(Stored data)

Lemma hyp_h_smooth : smooth_on (fun r => 0 < r) (hyp_h M a C).
Proof.
  apply (smooth_on_is_derive _ _ (hyp_h' M rp c) (open_gt 0) is_derive_hyp_h).
  apply rational_on_smooth; [apply open_gt|apply rational_hyp_h'].
Qed.

Lemma hyp_h_level_sets_spacelike (r th : R) (X : vec4) :
  rp < r -> 0 < th < PI -> dt_apply (hyp_h M a C) r X = 0 -> X <> mkvec4 0 0 0 0 ->
  kerr_g M a r th X < 0.
Proof.
  intros Hr Hth Hdt HX.
  unfold dt_apply in Hdt. rewrite Derive_hyp_h in Hdt by lra.
  pose proof (Delta_pos M a r (Rlt_le _ _ Ha2) Hr) as HD.
  apply (kerr_g_neg_of_slope M a r th (hyp_h' M rp c r)); [lra|lra|exact HD|exact Hth| |lra|exact HX].
  apply (convex_quad_neg_between _ _ _ 2 (2 + 4 * M / r + 6 * M^2 * (r - rp) / r^3)).
  - lra.
  - apply hyp_h'_bounds; lra.
  - unfold Defs.Delta. nra.
  - apply slope_quad_neg_at_upper_bound; assumption.
Qed.

Lemma is_lim_Yt_hyp_h : is_lim (Yt (hyp_h M a C)) p_infty 2.
Proof.
  replace 2 with (hyp_K M rp c 0) by (unfold hyp_K; field; lra).
  apply is_lim_p_infty_inv.
  - apply (@ex_derive_continuous R_AbsRing R_NormedModule). unfold hyp_K. auto_derive. nra.
  - intros r Hr. unfold Yt, dt_apply, Yfield. cbn [Xv Xr].
    rewrite Derive_hyp_h by exact Hr.
    rewrite hyp_K_inv, Rinv_inv by (apply Rinv_0_lt_compat, Hr). ring.
Qed.

Lemma is_lim_Vt_hyp_h : is_lim (fun r => r^2 / M^2 * Vt M a (hyp_h M a C) r) p_infty C.
Proof.
  set (F := fun x => (2*M^2 + x*(12*M^3 + 6*M^2*rp - 4*M*a^2)
    - x^2*(6*M^2*a^2 + 12*M^3*rp) + 6*M^2*rp*a^2*x^3
    + 2*M*c*(1 - 2*M*x + a^2*x^2)/(1 + c^2*x^2)) / (2*M^2*(1 + a^2*x^2))).
  (* F (1/r) is r^2/M^2 V^a nabla_a t with the factor 1/r^2 of its numerator cancelled. *)
  replace (Finite C) with (Finite (F 0)) by (f_equal; unfold F; field; lra).
  apply is_lim_p_infty_inv.
  - apply (@ex_derive_continuous R_AbsRing R_NormedModule). unfold F. auto_derive. nra.
  - intros r Hr. unfold Vt, dt_apply, Vfield. cbn [Xv Xr]. unfold Defs.Delta.
    rewrite Derive_hyp_h by exact Hr. unfold F, hyp_h'.
    field. repeat split; nra.
Qed.

Lemma is_lim_hyp_h_div : is_lim (fun r => hyp_h M a C r / r) p_infty 2.
Proof.
  set (G := fun x => 2 - 2*rp*x - 4*M*ln rp*x + 3*M^2*(rp*x - 1)^2*x/rp
                     + 2*M*(atan (c*x) - atan (c/rp))*x).
  (* Only the (ln r)/r part of h(r)/r is not a smooth function of 1/r. *)
  apply (is_lim_ext_loc (fun r => G (/ r) + 4 * M * (ln r / r))).
  { exists 0. intros r Hr. unfold G, hyp_h. cbv zeta.
    rewrite ln_div by lra. change (c / r) with (c * / r). field. lra. }
  replace 2 with (G 0 + 4 * M * 0) by (unfold G; unfold Rdiv; ring).
  apply (is_lim_plus' (fun r => G (/ r))).
  - apply (is_lim_p_infty_inv (fun r => G (/ r))); [|reflexivity].
    apply (@ex_derive_continuous R_AbsRing R_NormedModule). unfold G. auto_derive. lra.
  - apply (is_lim_scal_l (fun r => ln r / r) (4 * M) p_infty 0), is_lim_div_ln_p.
Qed.

Lemma regular_future_hyperboloidal_hyp_h : regular_future_hyperboloidal M a (hyp_h M a C).
Proof.
  split; [|split; [|split; [|split]]].
  - exists (fun r => 0 < r). split; [apply open_gt|]. split; [intros; lra|].
    exact hyp_h_smooth.
  - exists (fun _ => True), (hyp_K M rp c).
    split; [apply open_true|]. split; [easy|]. split.
    + apply rational_on_smooth; [apply open_true|apply rational_hyp_K].
    + intros x _ Hx. rewrite Derive_hyp_h by (apply Rinv_0_lt_compat, Hx).
      apply hyp_K_inv, Hx.
  - exact hyp_h_level_sets_spacelike.
  - exists C. split; [exact is_lim_Vt_hyp_h|lra].
  - exact is_lim_Yt_hyp_h.
Qed.

End HyperboloidalTime.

_Work instructions_
Note every line of the entries in which "rewrite" appears, and copy it down.

_Problem solution_
  unfold dt_apply in Hdt. rewrite Derive_hyp_h in Hdt by lra.
    rewrite Derive_hyp_h by exact Hr.
    rewrite hyp_K_inv, Rinv_inv by (apply Rinv_0_lt_compat, Hr). ring.
    rewrite Derive_hyp_h by exact Hr. unfold F, hyp_h'.
    rewrite ln_div by lra. change (c / r) with (c * / r). field. lra. }
    + intros x _ Hx. rewrite Derive_hyp_h by (apply Rinv_0_lt_compat, Hx).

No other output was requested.